** Data for analysis follows **

Lemma vdder2_quadratic (F : pt -> pt) (c1 c2 : quadratic) (o : pt) :
  (forall x, fst (F x) = qeval c1 (psub x o)) -> (forall x, snd (F x) = qeval c2 (psub x o)) ->
  forall u v x, vdder u (vdder v F) x = (qhess c1 u v, qhess c2 u v).
Proof.
  intros H1 H2 u v x. unfold vdder at 1. simpl.
  f_equal; [apply (dder2_quadratic _ c1 o H1) | apply (dder2_quadratic _ c2 o H2)].
Qed.

Definition rot_cw (u : pt) : pt := (snd u, - fst u).
Definition perp (u : pt) : pt := (- snd u, fst u).

Definition edge_vec (z1 z2 z3 : pt) (k : nat) : pt :=
  psub (eend z1 z2 z3 k) (estart z1 z2 z3 k).
Definition apex (z1 z2 z3 : pt) (k : nat) : pt := psub (vtx z1 z2 z3 k) (estart z1 z2 z3 k).

Lemma dot_self_nonneg (u : pt) : 0 <= dot u u.
Proof. unfold dot. nra. Qed.

Lemma dot_self_pos (u v : pt) : 0 < cross u v -> 0 < dot u u.
Proof.
  destruct u as [u1 u2], v as [v1 v2]. unfold cross, dot. simpl. intro H.
  assert (Lagrange : (u1 * v2 - u2 * v1) ^ 2 + (u1 * v1 + u2 * v2) ^ 2
                     = (u1 * u1 + u2 * u2) * (v1 * v1 + v2 * v2)) by ring.
  apply Rnot_le_lt. intro Hu.
  assert (Hu0 : u1 * u1 + u2 * u2 = 0)
    by (pose proof (Rle_0_sqr u1); pose proof (Rle_0_sqr u2); unfold Rsqr in *; lra).
  rewrite Hu0, Rmult_0_l in Lagrange.
  pose proof (pow_lt _ 2 H). pose proof (pow2_ge_0 (u1 * v1 + u2 * v2)). lra.
Qed.

Lemma ell_sq (z1 z2 z3 : pt) (k : nat) :
  ell z1 z2 z3 k ^ 2 = dot (edge_vec z1 z2 z3 k) (edge_vec z1 z2 z3 k).
Proof. apply pow2_sqrt, dot_self_nonneg. Qed.

Lemma nrm_rot_cw (z1 z2 z3 : pt) (k : nat) :
  nrm z1 z2 z3 k = pscal (/ ell z1 z2 z3 k) (rot_cw (edge_vec z1 z2 z3 k)).
Proof. unfold nrm, tang, rot_cw, pscal. simpl. f_equal. ring. Qed.

Lemma cross_edge_apex (z1 z2 z3 : pt) (k : nat) : (1 <= k <= 3)%nat ->
  cross (edge_vec z1 z2 z3 k) (apex z1 z2 z3 k) = cross (psub z2 z1) (psub z3 z1).
Proof.
  intro Hk. unfold edge_vec, apex, estart, eend, vtx.
  destruct k as [|[|[|[|]]]]; try lia; simpl; unfold cross, psub; simpl; ring.
Qed.

Lemma ell_prev_sq (z1 z2 z3 : pt) (k : nat) : (1 <= k <= 3)%nat ->
  ell z1 z2 z3 (k - 1) ^ 2 = dot (apex z1 z2 z3 k) (apex z1 z2 z3 k).
Proof.
  intro Hk. rewrite ell_sq. unfold edge_vec, apex, estart, eend, vtx.
  destruct k as [|[|[|[|]]]]; try lia; simpl; unfold dot, psub; simpl; ring.
Qed.

Lemma ell_next_sq (z1 z2 z3 : pt) (k : nat) : (1 <= k <= 3)%nat ->
  ell z1 z2 z3 (k + 1) ^ 2
  = dot (psub (apex z1 z2 z3 k) (edge_vec z1 z2 z3 k))
        (psub (apex z1 z2 z3 k) (edge_vec z1 z2 z3 k)).
Proof.
  intro Hk. rewrite ell_sq. unfold edge_vec, apex, estart, eend, vtx.
  destruct k as [|[|[|[|]]]]; try lia; simpl; unfold dot, psub; simpl; ring.
Qed.

Lemma ell_pos (z1 z2 z3 : pt) (k : nat) : (1 <= k <= 3)%nat ->
  0 < cross (psub z2 z1) (psub z3 z1) -> 0 < ell z1 z2 z3 k.
Proof.
  intros Hk H. rewrite <- (cross_edge_apex _ _ _ _ Hk) in H.
  apply sqrt_lt_R0, (dot_self_pos _ _ H).
Qed.

Lemma circumcenter_identity (a1 a2 b1 b2 u1 u2 : R) :
  2 * (a1 * u1 + a2 * u2) = a1 * a1 + a2 * a2 ->
  2 * (b1 * u1 + b2 * u2) = b1 * b1 + b2 * b2 ->
  (a1 * a1 + a2 * a2) * (b1 * b1 + b2 * b2) * ((b1 - a1) ^ 2 + (b2 - a2) ^ 2)
  = 4 * (a1 * b2 - a2 * b1) ^ 2 * (u1 * u1 + u2 * u2).
Proof.
  intros Ha Hb.
  assert (E1 : 2 * (a1 * b2 - a2 * b1) * u1
               = (a1 * a1 + a2 * a2) * b2 - (b1 * b1 + b2 * b2) * a2)
    by (rewrite <- Ha, <- Hb; ring).
  assert (E2 : 2 * (a1 * b2 - a2 * b1) * u2
               = (b1 * b1 + b2 * b2) * a1 - (a1 * a1 + a2 * a2) * b1)
    by (rewrite <- Ha, <- Hb; ring).
  replace (4 * (a1 * b2 - a2 * b1) ^ 2 * (u1 * u1 + u2 * u2))
    with ((2 * (a1 * b2 - a2 * b1) * u1) ^ 2 + (2 * (a1 * b2 - a2 * b1) * u2) ^ 2) by ring.
  rewrite E1, E2. ring.
Qed.

Lemma pnorm_sq (u : pt) : pnorm u ^ 2 = dot u u.
Proof. apply pow2_sqrt, dot_self_nonneg. Qed.

Lemma equidistant_dot (x o c : pt) :
  pnorm (psub x c) = pnorm (psub o c) ->
  2 * dot (psub x o) (psub c o) = dot (psub x o) (psub x o).
Proof.
  intro H. apply (f_equal (fun r => r ^ 2)) in H. rewrite !pnorm_sq in H.
  destruct x, o, c. unfold dot, psub in *. simpl in *. lra.
Qed.

Lemma ell_prod_circumdiameter (z1 z2 z3 : pt) (d : R) :
  0 < cross (psub z2 z1) (psub z3 z1) ->
  (exists c : pt, pnorm (psub z2 c) = pnorm (psub z1 c) /\
                  pnorm (psub z3 c) = pnorm (psub z1 c) /\ d = 2 * pnorm (psub z1 c)) ->
  ell z1 z2 z3 1 * ell z1 z2 z3 2 * ell z1 z2 z3 3 = d * cross (psub z2 z1) (psub z3 z1)
  /\ 0 < d.
Proof.
  intros Hcr [c [H2 [H3 Hd]]].
  assert (Hl : 0 < ell z1 z2 z3 1 * ell z1 z2 z3 2 * ell z1 z2 z3 3)
    by (repeat apply Rmult_lt_0_compat; apply ell_pos; auto; lia).
  assert (Hsq : (ell z1 z2 z3 1 * ell z1 z2 z3 2 * ell z1 z2 z3 3) ^ 2
                = (d * cross (psub z2 z1) (psub z3 z1)) ^ 2).
  { apply equidistant_dot in H2, H3.
    rewrite !Rpow_mult_distr, !ell_sq, Hd, Rpow_mult_distr, pnorm_sq.
    destruct z1 as [o1 o2], z2 as [x2 y2], z3 as [x3 y3], c as [c1 c2].
    unfold edge_vec, estart, eend, vtx, cross, dot, psub in *. simpl in *.
    pose proof (circumcenter_identity _ _ _ _ _ _ H2 H3) as E. lra. }
  assert (Hd0 : 0 <= d).
  { rewrite Hd. pose proof (sqrt_pos (dot (psub z1 c) (psub z1 c))). unfold pnorm. lra. }
  assert (E : ell z1 z2 z3 1 * ell z1 z2 z3 2 * ell z1 z2 z3 3
              = d * cross (psub z2 z1) (psub z3 z1)).
  { rewrite <- !Rsqr_pow2 in Hsq. apply Rsqr_inj; [lra | apply Rmult_le_pos; lra | exact Hsq]. }
  split; [exact E |].
  rewrite E in Hl. destruct Hd0 as [| <-]; [assumption | lra].
Qed.

Definition sum3 (f : nat -> R) : R := f 1%nat + f 2%nat + f 3%nat.

(* [720 * 2|T| * B_k / l_k] for the edge vector [D] of [e_k] and [P = z_k - z_(k+1)]; it is the
   exact quotient of [bterm_numerator] by [8 l_k^4] (see [bterm_numerator_factor]). *)
Definition bterm (D P : pt) (Q1 Q2 : quadratic) : R :=
  let d1 := fst D in let d2 := snd D in let p1 := fst P in let p2 := snd P in
  let alpha :=
    - d1 ^ 4 * p2 - 4 * d1 ^ 3 * d2 * p1 + 5 * d1 ^ 3 * p1 * p2 - 3 * d1 ^ 2 * d2 ^ 2 * p2
    + 10 * d1 ^ 2 * d2 * p1 ^ 2 + 6 * d1 ^ 2 * d2 * p2 ^ 2 - 5 * d1 ^ 2 * p1 ^ 2 * p2
    - 2 * d1 ^ 2 * p2 ^ 3 - 2 * d1 * d2 ^ 3 * p1 + 8 * d1 * d2 ^ 2 * p1 * p2
    - 5 * d1 * d2 * p1 ^ 3 - 6 * d1 * d2 * p1 * p2 ^ 2 + d2 ^ 3 * p1 ^ 2
    - 2 * d2 ^ 2 * p1 ^ 2 * p2 in
  let beta :=
    - 2 * d1 ^ 3 * d2 * p2 + d1 ^ 3 * p2 ^ 2 - 3 * d1 ^ 2 * d2 ^ 2 * p1
    + 8 * d1 ^ 2 * d2 * p1 * p2 - 2 * d1 ^ 2 * p1 * p2 ^ 2 - 4 * d1 * d2 ^ 3 * p2
    + 6 * d1 * d2 ^ 2 * p1 ^ 2 + 10 * d1 * d2 ^ 2 * p2 ^ 2 - 6 * d1 * d2 * p1 ^ 2 * p2
    - 5 * d1 * d2 * p2 ^ 3 - d2 ^ 4 * p1 + 5 * d2 ^ 3 * p1 * p2 - 2 * d2 ^ 2 * p1 ^ 3
    - 5 * d2 ^ 2 * p1 * p2 ^ 2 in
  let gamma :=
    - 3 * d1 ^ 2 * d2 ^ 2 * p2 + 3 * d1 ^ 2 * d2 * p2 ^ 2 - d1 ^ 2 * p2 ^ 3
    - 2 * d1 * d2 ^ 3 * p1 + 9 * d1 * d2 ^ 2 * p1 * p2 - 3 * d1 * d2 * p1 * p2 ^ 2
    - 5 * d2 ^ 4 * p2 + 3 * d2 ^ 3 * p1 ^ 2 + 15 * d2 ^ 3 * p2 ^ 2 - 6 * d2 ^ 2 * p1 ^ 2 * p2
    - 10 * d2 ^ 2 * p2 ^ 3 in
  let delta :=
    5 * d1 ^ 4 * p1 + 2 * d1 ^ 3 * d2 * p2 - 15 * d1 ^ 3 * p1 ^ 2 - 3 * d1 ^ 3 * p2 ^ 2
    + 3 * d1 ^ 2 * d2 ^ 2 * p1 - 9 * d1 ^ 2 * d2 * p1 * p2 + 10 * d1 ^ 2 * p1 ^ 3
    + 6 * d1 ^ 2 * p1 * p2 ^ 2 - 3 * d1 * d2 ^ 2 * p1 ^ 2 + 3 * d1 * d2 * p1 ^ 2 * p2
    + d2 ^ 2 * p1 ^ 3 in
  alpha * (cxx Q1 - cxy Q2) + beta * (cxy Q1 - cyy Q2) + gamma * cyy Q1 + delta * cxx Q2.

Lemma bterm_rt1 (D P : pt) (P1 P2 A1 A2 : quadratic) :
  rt1_hessians A1 A2 -> bterm D P (qsub P1 A1) (qsub P2 A2) = bterm D P P1 P2.
Proof.
  intros (E1 & E2 & E3 & E4). unfold bterm, qsub. simpl. rewrite E1, E2, E3, E4. ring.
Qed.

Section Quadratures.
Variables (z1 z2 z3 : pt) (Q1 Q2 W : quadratic).

Local Notation cr := (cross (psub z2 z1) (psub z3 z1)).
Local Notation D := (edge_vec z1 z2 z3).
Local Notation P := (apex z1 z2 z3).

Definition qfield (x : pt) : pt := (qeval Q1 (psub x z1), qeval Q2 (psub x z1)).

Definition ref_map (s t : R) : pt :=
  padd z1 (padd (pscal s (psub z2 z1)) (pscal t (psub z3 z1))).

Definition edge_moment (j k : nat) : R :=
  interval_sum (fun t =>
    dot (qfield (seg (estart z1 z2 z3 k) (eend z1 z2 z3 k) t)) (rot_cw (D k)) * t ^ j).

Definition mean_sum : pt :=
  (triangle_sum (fun s t => fst (qfield (ref_map s t))),
   triangle_sum (fun s t => snd (qfield (ref_map s t)))).

Definition curl_sum : R :=
  triangle_sum (fun s t => dot (qfield (ref_map s t)) (perp (qgrad W (psub (ref_map s t) z1)))).

(* The multipliers of the moments in [curl_sum_decomposition], the unique ones for which the
   coefficients of [Pi] cancel.  In [interior_weight], the sum of the vertex gradients is three
   times the gradient at the centroid. *)
Definition edge_weight0 (k : nat) : R :=
  3 * qhess W (P k) (rot_cw (P k)) + 4 * qhess W (D k) (rot_cw (P k))
  - qhess W (P k) (rot_cw (D k)) - 2 * qhess W (D k) (rot_cw (D k)).

Definition edge_weight1 (k : nat) : R :=
  6 * qhess W (D k) (rot_cw (D k)) - 11 * qhess W (D k) (rot_cw (P k))
  - qhess W (P k) (rot_cw (D k)).

Definition interior_weight : pt :=
  padd (pscal (5 * cr) (perp (padd (padd (qgrad W (psub z1 z1)) (qgrad W (psub z2 z1)))
                                   (qgrad W (psub z3 z1)))))
    (padd (padd (pscal (qhess W (D 1%nat) (rot_cw (D 1%nat))) (rot_cw (D 1%nat)))
                (pscal (qhess W (D 2%nat) (rot_cw (D 2%nat))) (rot_cw (D 2%nat))))
          (pscal (qhess W (D 3%nat) (rot_cw (D 3%nat))) (rot_cw (D 3%nat)))).

End Quadratures.

Lemma curl_sum_decomposition (z1 z2 z3 : pt) (Q1 Q2 W : quadratic) :
  let cr := cross (psub z2 z1) (psub z3 z1) in
  let D := edge_vec z1 z2 z3 in
  let P := apex z1 z2 z3 in
  60 * cr ^ 2 * curl_sum z1 z2 z3 Q1 Q2 W
  = 60 * sum3 (fun k => bterm (D k) (P k) Q1 Q2 * qhess W (D k) (D k))
    + cr * (sum3 (fun k => edge_weight0 z1 z2 z3 W k * edge_moment z1 z2 z3 Q1 Q2 0 k
                           + edge_weight1 z1 z2 z3 W k * edge_moment z1 z2 z3 Q1 Q2 1 k)
            + 4 * dot (interior_weight z1 z2 z3 W) (mean_sum z1 z2 z3 Q1 Q2)).
Proof.
  (* Translating before unfolding keeps both the substitution and [ring]'s normal forms small. *)
  destruct z1 as [o1 o2], z2 as [x2 y2], z3 as [x3 y3].
  assert (exists a1, x2 = o1 + a1) as [a1 ->] by (exists (x2 - o1); ring).
  assert (exists a2, y2 = o2 + a2) as [a2 ->] by (exists (y2 - o2); ring).
  assert (exists b1, x3 = o1 + b1) as [b1 ->] by (exists (x3 - o1); ring).
  assert (exists b2, y3 = o2 + b2) as [b2 ->] by (exists (y3 - o2); ring).
  unfold sum3, curl_sum, mean_sum, edge_moment, edge_weight0, edge_weight1, interior_weight,
    bterm, triangle_sum, interval_sum, ref_map, qfield, seg, edge_vec, apex,
    estart, eend, vtx, qeval, qgrad, qhess, rot_cw, perp, cross, dot, psub, padd, pscal.
  cbn [Nat.modulo Nat.divmod Nat.add Nat.sub fst snd]. ring.
Qed.

Lemma interval_sum_scal (c : R) (g : R -> R) :
  interval_sum (fun t => c * g t) = c * interval_sum g.
Proof. unfold interval_sum. ring. Qed.

Lemma normal_moment_zero (a b : pt) (q : pt -> pt) (j : nat) :
  0 < pnorm (psub b a) -> (j <= 1)%nat ->
  (forall v, is_P1_edge a b v ->
     edge_int a b
       (fun x => dot (q x) (pscal (/ pnorm (psub b a)) (rot_cw (psub b a))) * v x) = 0) ->
  let g t := dot (q (seg a b t)) (rot_cw (psub b a)) * t ^ j in
  (forall t, g t = newton4 g t) -> interval_sum g = 0.
Proof.
  intros Hl Hj Hq g Hg.
  set (L := pnorm (psub b a)) in *.
  assert (HQ : 0 < dot (psub b a) (psub b a)) by (rewrite <- pnorm_sq; apply pow_lt, Hl).
  set (v x := (dot (psub x a) (psub b a) / dot (psub b a) (psub b a)) ^ j).
  assert (Hv : forall t, v (seg a b t) = t ^ j).
  { intro t. unfold v. f_equal. unfold seg, dot, psub, padd, pscal in *. simpl in *. field. lra. }
  assert (Hw : is_P1_edge a b v).
  { destruct j as [|[|]]; [exists 1, 0 | exists 0, 1 | lia]; intro t; rewrite Hv; ring. }
  specialize (Hq v Hw). unfold edge_int in Hq. fold L in Hq.
  rewrite (RInt_ext _ (fun t => / L * g t)) in Hq.
  2:{ intros t _. rewrite Hv. unfold g, dot, pscal. simpl. ring. }
  rewrite RInt_newton4, interval_sum_scal in Hq.
  - apply Rmult_integral in Hq as [H | H]; [lra |].
    replace (interval_sum g) with (L * 720 * (/ L * interval_sum g / 720)) by (field; lra).
    rewrite H. ring.
  - intro t. rewrite (Hg t) at 1. unfold newton4. ring.
Qed.

Lemma tri_int_ext (z1 z2 z3 : pt) (f g : pt -> R) :
  (forall x, f x = g x) -> tri_int z1 z2 z3 f = tri_int z1 z2 z3 g.
Proof. intro H. apply functional_extensionality in H. rewrite H. reflexivity. Qed.

Lemma tri_int_rule (z1 z2 z3 : pt) (f : pt -> R) :
  0 < cross (psub z2 z1) (psub z3 z1) ->
  (forall s t, f (ref_map z1 z2 z3 s t)
               = newton_tri3 (fun s t => f (ref_map z1 z2 z3 s t)) s t) ->
  tri_int z1 z2 z3 f
  = cross (psub z2 z1) (psub z3 z1)
    * (triangle_sum (fun s t => f (ref_map z1 z2 z3 s t)) / 720).
Proof.
  intros Hcr Hf. unfold tri_int. rewrite Rabs_pos_eq by lra. f_equal.
  exact (RInt_newton_tri3 (fun s t => f (ref_map z1 z2 z3 s t)) Hf).
Qed.

Lemma triangle_sum_zero (z1 z2 z3 : pt) (f : pt -> R) :
  0 < cross (psub z2 z1) (psub z3 z1) ->
  (forall s t, f (ref_map z1 z2 z3 s t)
               = newton_tri3 (fun s t => f (ref_map z1 z2 z3 s t)) s t) ->
  tri_int z1 z2 z3 f = 0 -> triangle_sum (fun s t => f (ref_map z1 z2 z3 s t)) = 0.
Proof.
  intros Hcr Hf H. rewrite tri_int_rule in H by assumption.
  apply Rmult_integral in H as [H | H]; lra.
Qed.

Lemma nabla_perp_quadratic (w : pt -> R) (c : quadratic) (o : pt) :
  (forall x, w x = qeval c (psub x o)) -> forall x, nabla_perp w x = perp (qgrad c (psub x o)).
Proof.
  intros Hw x. unfold nabla_perp, perp.
  rewrite !(dder_quadratic w c o Hw). unfold dot. simpl. f_equal; ring.
Qed.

** End of Data for analysis **

**Aim of the exercise**
Using the data above, repeat exactly the lines that begin at the line with "Definition edge_vec (z1" and end at the line with "Lemma ell_sq (z1", both ends included.

**Exercise response**
Definition edge_vec (z1 z2 z3 : pt) (k : nat) : pt :=
  psub (eend z1 z2 z3 k) (estart z1 z2 z3 k).
Definition apex (z1 z2 z3 : pt) (k : nat) : pt := psub (vtx z1 z2 z3 k) (estart z1 z2 z3 k).

Lemma dot_self_nonneg (u : pt) : 0 <= dot u u.
Proof. unfold dot. nra. Qed.

Lemma dot_self_pos (u v : pt) : 0 < cross u v -> 0 < dot u u.
Proof.
  destruct u as [u1 u2], v as [v1 v2]. unfold cross, dot. simpl. intro H.
  assert (Lagrange : (u1 * v2 - u2 * v1) ^ 2 + (u1 * v1 + u2 * v2) ^ 2
                     = (u1 * u1 + u2 * u2) * (v1 * v1 + v2 * v2)) by ring.
  apply Rnot_le_lt. intro Hu.
  assert (Hu0 : u1 * u1 + u2 * u2 = 0)
    by (pose proof (Rle_0_sqr u1); pose proof (Rle_0_sqr u2); unfold Rsqr in *; lra).
  rewrite Hu0, Rmult_0_l in Lagrange.
  pose proof (pow_lt _ 2 H). pose proof (pow2_ge_0 (u1 * v1 + u2 * v2)). lra.
Qed.

Lemma ell_sq (z1 z2 z3 : pt) (k : nat) :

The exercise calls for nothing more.